##### DATA SHOWN
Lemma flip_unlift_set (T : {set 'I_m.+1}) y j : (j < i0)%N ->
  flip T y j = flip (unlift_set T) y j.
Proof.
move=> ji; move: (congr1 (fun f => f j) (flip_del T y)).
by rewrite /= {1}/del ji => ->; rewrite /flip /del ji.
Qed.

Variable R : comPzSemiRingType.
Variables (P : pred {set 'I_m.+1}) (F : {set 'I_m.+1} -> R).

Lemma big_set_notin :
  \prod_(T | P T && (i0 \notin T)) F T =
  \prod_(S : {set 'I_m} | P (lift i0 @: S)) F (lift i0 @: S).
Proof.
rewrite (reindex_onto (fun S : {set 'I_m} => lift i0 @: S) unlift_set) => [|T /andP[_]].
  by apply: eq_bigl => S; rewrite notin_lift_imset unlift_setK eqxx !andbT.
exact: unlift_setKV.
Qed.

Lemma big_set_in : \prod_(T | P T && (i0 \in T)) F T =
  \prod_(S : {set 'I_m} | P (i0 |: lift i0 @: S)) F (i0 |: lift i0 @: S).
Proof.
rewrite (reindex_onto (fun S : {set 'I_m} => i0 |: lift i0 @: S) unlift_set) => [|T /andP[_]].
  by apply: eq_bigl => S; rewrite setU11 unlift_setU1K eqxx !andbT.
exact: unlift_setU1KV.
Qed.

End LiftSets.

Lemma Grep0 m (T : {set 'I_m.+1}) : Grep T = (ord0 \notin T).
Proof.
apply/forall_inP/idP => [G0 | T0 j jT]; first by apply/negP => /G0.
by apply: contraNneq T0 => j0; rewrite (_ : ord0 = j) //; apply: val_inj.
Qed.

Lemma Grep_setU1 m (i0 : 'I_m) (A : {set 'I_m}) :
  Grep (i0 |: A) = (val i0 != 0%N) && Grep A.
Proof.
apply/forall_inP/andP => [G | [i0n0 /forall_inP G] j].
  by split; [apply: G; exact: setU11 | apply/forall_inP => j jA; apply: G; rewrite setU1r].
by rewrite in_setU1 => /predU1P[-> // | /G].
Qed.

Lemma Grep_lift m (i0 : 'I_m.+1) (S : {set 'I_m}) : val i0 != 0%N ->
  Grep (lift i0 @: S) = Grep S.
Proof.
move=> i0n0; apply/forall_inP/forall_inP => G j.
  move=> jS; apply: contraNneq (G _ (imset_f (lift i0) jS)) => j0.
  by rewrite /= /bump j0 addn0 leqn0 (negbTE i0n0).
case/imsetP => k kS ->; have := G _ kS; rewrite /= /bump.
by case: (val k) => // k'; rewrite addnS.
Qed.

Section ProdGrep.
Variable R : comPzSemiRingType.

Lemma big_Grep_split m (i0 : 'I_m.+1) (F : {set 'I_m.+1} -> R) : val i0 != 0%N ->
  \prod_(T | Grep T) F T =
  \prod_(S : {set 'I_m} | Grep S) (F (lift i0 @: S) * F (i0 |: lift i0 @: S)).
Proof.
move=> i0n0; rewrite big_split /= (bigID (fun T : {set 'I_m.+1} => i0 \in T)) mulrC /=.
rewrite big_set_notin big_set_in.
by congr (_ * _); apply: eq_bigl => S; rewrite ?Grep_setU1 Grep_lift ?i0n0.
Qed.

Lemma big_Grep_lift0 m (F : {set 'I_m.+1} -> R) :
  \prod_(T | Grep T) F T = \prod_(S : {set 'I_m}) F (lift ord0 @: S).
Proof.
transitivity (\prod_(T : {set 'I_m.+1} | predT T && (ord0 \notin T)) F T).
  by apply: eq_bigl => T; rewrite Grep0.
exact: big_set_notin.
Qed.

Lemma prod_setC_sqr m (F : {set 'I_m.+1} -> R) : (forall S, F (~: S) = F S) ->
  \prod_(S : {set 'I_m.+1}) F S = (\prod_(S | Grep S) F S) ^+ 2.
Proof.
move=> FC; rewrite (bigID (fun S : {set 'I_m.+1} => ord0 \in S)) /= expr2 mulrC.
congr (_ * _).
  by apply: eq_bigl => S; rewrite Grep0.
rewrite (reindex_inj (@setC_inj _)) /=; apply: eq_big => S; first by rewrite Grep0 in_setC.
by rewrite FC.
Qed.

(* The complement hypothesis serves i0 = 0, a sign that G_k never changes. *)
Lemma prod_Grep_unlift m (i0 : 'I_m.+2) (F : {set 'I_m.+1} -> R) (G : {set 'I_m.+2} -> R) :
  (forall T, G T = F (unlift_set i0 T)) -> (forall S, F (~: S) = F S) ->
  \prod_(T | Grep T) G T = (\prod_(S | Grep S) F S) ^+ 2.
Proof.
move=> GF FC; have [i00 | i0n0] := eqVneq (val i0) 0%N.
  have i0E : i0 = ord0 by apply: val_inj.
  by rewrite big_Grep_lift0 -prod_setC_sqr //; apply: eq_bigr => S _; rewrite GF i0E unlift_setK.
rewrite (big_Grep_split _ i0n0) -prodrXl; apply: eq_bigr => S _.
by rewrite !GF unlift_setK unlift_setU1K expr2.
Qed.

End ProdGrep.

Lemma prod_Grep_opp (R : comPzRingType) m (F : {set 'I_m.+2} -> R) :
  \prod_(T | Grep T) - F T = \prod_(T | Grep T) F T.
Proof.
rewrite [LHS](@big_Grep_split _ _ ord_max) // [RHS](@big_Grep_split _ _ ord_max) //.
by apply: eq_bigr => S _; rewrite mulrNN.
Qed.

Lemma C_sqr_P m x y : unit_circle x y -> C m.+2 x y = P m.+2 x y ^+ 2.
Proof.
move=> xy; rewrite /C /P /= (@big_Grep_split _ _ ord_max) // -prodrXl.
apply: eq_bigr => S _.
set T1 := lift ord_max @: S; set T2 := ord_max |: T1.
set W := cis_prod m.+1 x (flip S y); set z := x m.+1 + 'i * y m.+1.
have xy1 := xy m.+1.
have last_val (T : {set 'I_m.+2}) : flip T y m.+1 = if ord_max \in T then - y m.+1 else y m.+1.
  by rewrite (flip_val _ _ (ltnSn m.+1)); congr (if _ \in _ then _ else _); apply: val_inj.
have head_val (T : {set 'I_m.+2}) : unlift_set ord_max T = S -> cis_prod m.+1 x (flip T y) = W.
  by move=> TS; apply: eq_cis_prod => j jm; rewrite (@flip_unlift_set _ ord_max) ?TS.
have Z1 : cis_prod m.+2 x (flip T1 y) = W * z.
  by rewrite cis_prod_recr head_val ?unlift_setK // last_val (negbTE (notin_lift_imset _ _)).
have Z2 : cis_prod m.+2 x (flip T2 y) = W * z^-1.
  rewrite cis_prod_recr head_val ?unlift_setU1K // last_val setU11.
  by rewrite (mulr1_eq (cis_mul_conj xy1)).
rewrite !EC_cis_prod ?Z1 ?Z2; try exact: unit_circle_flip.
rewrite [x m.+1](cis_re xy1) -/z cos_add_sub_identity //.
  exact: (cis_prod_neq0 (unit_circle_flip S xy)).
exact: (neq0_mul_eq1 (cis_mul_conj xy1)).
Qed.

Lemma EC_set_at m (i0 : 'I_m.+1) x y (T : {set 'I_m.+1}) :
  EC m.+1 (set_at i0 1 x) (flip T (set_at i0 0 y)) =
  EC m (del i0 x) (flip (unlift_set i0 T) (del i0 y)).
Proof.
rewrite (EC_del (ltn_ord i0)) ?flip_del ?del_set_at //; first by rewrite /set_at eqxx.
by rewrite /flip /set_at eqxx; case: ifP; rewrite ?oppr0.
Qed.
##########
##### DATA SHOWN
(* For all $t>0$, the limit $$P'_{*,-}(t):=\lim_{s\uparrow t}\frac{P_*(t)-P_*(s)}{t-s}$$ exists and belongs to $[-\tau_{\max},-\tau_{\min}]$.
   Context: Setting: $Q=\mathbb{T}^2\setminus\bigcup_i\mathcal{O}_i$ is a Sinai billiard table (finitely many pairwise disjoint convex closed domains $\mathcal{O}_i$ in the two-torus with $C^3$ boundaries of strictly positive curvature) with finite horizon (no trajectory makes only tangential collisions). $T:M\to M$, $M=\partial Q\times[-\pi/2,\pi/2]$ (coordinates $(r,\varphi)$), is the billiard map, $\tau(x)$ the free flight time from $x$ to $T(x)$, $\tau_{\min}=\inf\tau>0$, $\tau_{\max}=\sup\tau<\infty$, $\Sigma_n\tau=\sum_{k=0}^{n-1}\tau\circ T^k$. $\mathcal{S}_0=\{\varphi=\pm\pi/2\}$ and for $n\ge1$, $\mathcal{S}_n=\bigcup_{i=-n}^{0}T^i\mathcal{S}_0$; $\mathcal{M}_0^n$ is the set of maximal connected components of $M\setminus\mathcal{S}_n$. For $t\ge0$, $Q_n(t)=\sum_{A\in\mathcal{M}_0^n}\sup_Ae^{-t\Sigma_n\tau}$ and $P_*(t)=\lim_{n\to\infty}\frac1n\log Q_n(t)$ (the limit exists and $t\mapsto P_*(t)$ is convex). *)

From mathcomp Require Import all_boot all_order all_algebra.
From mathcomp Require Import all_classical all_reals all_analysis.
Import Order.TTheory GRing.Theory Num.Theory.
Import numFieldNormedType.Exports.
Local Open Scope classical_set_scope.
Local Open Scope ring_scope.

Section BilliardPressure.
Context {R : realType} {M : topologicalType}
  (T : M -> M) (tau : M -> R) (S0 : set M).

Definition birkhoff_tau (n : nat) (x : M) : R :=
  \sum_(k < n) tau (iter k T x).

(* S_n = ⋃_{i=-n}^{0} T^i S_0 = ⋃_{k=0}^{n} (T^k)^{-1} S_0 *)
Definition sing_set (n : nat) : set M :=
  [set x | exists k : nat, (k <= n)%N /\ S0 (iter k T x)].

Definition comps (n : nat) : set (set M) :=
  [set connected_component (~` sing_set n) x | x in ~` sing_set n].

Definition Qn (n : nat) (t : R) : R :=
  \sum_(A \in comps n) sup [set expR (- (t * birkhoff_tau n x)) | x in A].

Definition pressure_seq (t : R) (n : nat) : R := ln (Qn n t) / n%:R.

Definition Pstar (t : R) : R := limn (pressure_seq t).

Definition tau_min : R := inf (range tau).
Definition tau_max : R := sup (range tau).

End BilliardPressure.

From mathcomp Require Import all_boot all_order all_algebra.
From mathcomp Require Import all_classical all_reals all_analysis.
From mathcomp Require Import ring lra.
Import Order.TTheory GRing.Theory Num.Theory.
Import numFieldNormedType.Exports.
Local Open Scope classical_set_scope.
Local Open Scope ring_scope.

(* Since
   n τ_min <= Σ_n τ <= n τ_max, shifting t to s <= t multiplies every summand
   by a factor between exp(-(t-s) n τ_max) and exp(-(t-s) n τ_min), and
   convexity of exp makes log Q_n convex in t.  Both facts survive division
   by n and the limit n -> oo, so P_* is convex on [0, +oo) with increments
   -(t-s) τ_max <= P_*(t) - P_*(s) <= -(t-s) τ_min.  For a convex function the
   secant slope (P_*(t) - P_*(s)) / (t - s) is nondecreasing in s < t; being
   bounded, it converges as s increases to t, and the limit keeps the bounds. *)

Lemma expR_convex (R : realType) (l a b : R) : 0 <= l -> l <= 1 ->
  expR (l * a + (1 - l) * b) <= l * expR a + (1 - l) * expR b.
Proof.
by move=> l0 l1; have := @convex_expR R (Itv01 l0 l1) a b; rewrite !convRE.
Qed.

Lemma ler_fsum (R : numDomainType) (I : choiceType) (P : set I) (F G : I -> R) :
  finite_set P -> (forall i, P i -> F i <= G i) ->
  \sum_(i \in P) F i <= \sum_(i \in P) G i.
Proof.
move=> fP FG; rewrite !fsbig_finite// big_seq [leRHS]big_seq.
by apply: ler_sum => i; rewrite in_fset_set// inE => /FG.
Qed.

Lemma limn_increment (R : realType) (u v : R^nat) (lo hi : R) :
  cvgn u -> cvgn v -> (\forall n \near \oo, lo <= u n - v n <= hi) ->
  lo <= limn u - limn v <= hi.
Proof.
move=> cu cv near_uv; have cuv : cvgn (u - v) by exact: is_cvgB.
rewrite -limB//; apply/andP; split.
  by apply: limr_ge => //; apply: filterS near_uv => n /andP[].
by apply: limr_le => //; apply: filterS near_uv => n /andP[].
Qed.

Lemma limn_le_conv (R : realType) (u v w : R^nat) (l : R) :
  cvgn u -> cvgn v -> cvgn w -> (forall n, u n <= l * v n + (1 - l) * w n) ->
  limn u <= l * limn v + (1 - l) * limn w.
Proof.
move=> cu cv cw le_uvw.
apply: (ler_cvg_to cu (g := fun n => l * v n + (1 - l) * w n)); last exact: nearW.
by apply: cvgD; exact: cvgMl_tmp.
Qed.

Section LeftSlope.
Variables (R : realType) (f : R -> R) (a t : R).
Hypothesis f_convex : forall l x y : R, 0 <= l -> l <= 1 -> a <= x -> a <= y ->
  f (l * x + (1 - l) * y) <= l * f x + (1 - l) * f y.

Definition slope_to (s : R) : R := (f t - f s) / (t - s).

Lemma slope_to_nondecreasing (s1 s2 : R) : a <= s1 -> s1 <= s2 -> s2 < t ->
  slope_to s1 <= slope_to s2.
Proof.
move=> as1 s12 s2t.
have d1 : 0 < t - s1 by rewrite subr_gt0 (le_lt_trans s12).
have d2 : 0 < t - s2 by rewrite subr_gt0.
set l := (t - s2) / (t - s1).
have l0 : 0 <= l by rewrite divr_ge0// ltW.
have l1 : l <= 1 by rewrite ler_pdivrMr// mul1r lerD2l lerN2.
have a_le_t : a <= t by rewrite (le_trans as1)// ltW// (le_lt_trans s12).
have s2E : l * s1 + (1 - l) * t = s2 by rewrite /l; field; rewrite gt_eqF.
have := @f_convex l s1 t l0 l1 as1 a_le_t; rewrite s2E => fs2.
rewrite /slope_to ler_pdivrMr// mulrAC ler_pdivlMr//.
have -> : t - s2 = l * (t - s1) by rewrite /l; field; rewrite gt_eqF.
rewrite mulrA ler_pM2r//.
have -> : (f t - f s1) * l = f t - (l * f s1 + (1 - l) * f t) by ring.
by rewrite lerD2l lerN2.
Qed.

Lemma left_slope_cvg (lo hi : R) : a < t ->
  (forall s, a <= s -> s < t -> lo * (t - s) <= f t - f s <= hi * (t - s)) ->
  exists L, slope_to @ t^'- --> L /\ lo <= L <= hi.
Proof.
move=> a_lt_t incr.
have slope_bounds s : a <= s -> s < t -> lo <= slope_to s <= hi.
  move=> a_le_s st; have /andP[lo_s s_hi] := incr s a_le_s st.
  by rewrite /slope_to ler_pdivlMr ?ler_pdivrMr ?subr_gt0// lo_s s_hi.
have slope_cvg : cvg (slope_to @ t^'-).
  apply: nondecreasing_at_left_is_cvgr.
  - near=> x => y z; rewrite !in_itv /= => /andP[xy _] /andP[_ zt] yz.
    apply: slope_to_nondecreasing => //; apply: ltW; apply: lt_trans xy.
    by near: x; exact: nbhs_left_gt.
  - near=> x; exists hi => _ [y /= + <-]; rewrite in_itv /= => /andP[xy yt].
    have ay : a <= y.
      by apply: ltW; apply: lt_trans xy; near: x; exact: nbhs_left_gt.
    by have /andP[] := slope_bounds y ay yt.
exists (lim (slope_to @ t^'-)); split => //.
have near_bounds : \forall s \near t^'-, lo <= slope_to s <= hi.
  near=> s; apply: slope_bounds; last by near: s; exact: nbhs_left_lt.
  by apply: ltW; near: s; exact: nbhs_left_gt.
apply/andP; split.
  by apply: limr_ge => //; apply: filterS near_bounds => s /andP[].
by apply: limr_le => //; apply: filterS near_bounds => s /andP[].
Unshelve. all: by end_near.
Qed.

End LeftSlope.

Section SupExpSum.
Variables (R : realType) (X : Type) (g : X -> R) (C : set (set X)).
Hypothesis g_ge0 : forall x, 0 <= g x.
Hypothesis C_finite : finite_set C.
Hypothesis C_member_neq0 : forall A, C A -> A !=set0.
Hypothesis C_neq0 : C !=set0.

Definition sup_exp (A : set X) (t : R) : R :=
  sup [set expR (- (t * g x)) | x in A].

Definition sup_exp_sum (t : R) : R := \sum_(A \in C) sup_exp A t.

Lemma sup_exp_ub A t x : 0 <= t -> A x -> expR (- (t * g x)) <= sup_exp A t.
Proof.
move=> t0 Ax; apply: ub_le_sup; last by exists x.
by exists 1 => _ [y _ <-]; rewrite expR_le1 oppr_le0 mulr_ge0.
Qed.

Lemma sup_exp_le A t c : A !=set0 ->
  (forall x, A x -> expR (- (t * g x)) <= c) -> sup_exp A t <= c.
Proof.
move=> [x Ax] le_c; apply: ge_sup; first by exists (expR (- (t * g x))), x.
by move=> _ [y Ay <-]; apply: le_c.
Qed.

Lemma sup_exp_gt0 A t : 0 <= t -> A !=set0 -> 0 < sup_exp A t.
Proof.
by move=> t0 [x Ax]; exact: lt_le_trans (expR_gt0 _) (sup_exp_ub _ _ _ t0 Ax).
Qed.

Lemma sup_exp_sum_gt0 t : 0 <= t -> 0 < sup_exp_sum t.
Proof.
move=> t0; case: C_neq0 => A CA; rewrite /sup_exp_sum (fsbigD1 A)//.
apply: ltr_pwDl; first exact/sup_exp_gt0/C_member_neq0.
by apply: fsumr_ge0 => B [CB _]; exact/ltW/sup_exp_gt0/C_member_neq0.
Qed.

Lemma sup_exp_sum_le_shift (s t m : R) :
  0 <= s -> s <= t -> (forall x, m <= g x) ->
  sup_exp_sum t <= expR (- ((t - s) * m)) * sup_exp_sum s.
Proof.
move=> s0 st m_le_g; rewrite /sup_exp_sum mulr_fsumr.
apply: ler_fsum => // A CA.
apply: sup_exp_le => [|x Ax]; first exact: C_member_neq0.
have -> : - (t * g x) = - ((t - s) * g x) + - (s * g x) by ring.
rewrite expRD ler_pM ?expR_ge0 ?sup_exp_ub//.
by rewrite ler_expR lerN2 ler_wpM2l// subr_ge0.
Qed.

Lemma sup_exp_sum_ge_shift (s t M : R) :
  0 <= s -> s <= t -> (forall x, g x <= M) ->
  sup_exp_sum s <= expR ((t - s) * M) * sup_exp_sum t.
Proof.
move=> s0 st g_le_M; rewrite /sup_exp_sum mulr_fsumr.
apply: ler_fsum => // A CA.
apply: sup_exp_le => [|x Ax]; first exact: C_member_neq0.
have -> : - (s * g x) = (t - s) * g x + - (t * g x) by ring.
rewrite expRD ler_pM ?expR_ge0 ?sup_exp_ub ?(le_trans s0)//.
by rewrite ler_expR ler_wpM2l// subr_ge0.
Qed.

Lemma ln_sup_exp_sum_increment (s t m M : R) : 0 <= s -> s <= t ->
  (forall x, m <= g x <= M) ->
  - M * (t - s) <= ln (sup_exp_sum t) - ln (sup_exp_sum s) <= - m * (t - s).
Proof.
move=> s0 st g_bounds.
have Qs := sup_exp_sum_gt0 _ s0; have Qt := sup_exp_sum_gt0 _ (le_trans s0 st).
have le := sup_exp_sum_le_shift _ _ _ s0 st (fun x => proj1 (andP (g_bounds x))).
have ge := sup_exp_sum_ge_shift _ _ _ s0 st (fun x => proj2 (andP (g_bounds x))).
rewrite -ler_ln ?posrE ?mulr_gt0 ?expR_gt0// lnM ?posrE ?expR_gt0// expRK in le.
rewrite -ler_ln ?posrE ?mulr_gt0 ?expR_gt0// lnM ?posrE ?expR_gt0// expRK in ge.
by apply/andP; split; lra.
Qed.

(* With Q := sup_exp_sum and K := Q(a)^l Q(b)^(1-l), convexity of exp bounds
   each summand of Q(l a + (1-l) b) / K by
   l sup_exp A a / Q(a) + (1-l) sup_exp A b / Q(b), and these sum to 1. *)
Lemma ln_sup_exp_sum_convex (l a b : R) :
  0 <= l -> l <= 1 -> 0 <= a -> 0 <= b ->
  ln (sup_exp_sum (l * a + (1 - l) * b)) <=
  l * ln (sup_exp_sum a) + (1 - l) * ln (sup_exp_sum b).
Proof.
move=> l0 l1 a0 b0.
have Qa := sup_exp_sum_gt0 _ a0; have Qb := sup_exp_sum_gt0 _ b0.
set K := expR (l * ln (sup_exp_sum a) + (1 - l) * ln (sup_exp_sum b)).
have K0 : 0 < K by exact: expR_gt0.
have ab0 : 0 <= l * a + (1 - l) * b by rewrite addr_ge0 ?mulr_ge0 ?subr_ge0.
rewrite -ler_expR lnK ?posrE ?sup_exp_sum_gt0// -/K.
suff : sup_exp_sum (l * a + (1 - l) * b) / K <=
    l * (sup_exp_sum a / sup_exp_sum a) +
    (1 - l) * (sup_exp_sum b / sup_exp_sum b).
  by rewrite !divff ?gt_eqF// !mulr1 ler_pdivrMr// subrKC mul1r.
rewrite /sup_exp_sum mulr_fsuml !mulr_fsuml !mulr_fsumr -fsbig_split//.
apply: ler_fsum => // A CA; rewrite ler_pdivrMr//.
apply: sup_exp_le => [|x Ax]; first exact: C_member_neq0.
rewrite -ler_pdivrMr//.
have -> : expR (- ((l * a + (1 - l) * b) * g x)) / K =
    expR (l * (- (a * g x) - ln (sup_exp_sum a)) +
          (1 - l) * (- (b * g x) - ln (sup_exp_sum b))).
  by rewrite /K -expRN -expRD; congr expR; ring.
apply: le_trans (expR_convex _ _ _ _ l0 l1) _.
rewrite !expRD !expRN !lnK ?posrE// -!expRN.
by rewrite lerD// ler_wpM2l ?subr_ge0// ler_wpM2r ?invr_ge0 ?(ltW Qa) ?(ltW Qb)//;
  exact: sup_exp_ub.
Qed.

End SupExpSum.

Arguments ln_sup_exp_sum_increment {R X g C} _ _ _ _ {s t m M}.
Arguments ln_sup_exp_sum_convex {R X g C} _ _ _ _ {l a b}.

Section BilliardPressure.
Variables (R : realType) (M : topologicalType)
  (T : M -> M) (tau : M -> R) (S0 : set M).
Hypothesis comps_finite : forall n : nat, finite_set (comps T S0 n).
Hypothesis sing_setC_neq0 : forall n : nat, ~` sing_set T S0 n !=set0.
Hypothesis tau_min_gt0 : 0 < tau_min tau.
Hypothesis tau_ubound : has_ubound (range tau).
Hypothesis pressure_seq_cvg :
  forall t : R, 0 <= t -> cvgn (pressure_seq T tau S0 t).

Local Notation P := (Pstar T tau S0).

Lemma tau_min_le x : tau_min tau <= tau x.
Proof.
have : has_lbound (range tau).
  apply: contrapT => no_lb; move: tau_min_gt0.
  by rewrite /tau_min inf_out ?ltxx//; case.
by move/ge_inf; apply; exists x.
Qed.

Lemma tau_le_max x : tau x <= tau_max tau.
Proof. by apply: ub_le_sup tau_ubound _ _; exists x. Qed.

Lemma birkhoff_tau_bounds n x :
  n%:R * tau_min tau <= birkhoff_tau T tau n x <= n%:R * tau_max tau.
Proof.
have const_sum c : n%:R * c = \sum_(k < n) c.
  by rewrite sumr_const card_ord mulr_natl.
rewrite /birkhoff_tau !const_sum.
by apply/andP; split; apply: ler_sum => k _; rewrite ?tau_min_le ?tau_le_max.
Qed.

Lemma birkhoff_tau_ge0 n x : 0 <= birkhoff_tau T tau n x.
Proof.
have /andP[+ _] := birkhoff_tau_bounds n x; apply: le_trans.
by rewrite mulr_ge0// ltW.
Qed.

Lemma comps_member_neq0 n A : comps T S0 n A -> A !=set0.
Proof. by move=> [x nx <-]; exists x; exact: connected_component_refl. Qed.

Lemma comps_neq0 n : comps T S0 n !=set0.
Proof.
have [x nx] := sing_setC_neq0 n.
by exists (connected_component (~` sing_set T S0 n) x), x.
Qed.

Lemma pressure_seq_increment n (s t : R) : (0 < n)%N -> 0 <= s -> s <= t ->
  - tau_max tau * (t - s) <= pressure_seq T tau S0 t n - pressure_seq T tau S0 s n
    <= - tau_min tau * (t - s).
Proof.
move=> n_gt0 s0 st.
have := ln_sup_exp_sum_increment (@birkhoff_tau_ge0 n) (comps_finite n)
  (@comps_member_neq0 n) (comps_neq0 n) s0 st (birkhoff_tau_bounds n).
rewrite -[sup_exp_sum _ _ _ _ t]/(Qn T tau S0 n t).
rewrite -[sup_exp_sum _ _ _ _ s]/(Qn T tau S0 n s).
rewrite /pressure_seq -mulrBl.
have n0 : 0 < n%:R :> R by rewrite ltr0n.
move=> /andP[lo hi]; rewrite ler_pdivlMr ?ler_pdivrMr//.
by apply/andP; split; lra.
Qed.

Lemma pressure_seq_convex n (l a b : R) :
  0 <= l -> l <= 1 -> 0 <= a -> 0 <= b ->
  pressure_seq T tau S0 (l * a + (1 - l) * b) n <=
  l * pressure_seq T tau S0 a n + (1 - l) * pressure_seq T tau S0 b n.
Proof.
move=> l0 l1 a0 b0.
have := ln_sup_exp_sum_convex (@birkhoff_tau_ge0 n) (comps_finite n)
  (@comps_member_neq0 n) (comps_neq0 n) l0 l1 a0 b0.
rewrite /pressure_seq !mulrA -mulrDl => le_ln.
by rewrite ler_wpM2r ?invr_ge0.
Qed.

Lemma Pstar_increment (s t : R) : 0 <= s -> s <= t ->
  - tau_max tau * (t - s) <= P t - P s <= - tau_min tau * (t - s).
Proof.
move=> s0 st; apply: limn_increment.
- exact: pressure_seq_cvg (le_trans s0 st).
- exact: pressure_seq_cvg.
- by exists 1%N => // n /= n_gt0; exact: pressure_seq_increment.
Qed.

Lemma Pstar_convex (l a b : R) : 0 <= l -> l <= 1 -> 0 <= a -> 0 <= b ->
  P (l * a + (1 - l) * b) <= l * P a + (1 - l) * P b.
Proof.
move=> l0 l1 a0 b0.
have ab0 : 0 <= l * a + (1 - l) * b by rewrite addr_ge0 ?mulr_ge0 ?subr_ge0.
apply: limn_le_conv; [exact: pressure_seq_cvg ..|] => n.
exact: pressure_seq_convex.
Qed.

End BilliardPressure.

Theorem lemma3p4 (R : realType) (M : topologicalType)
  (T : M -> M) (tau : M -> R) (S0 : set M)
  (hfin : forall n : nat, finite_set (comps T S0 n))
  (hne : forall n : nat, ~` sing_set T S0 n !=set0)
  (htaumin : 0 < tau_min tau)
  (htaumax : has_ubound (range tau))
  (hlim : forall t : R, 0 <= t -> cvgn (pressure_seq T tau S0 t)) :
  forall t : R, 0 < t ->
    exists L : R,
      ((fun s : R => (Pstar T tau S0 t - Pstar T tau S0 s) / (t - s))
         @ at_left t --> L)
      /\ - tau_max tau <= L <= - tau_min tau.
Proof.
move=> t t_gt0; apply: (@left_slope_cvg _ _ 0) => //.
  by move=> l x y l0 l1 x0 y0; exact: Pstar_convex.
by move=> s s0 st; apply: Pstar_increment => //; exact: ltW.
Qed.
##########
• [ABOUT THIS EXERCISE]
Return every line of the records in which the word "then" is found.

• [RESULT FOR THIS TASK]
have last_val (T : {set 'I_m.+2}) : flip T y m.+1 = if ord_max \in T then - y m.+1 else y m.+1.
  by rewrite (flip_val _ _ (ltnSn m.+1)); congr (if _ \in _ then _ else _); apply: val_inj.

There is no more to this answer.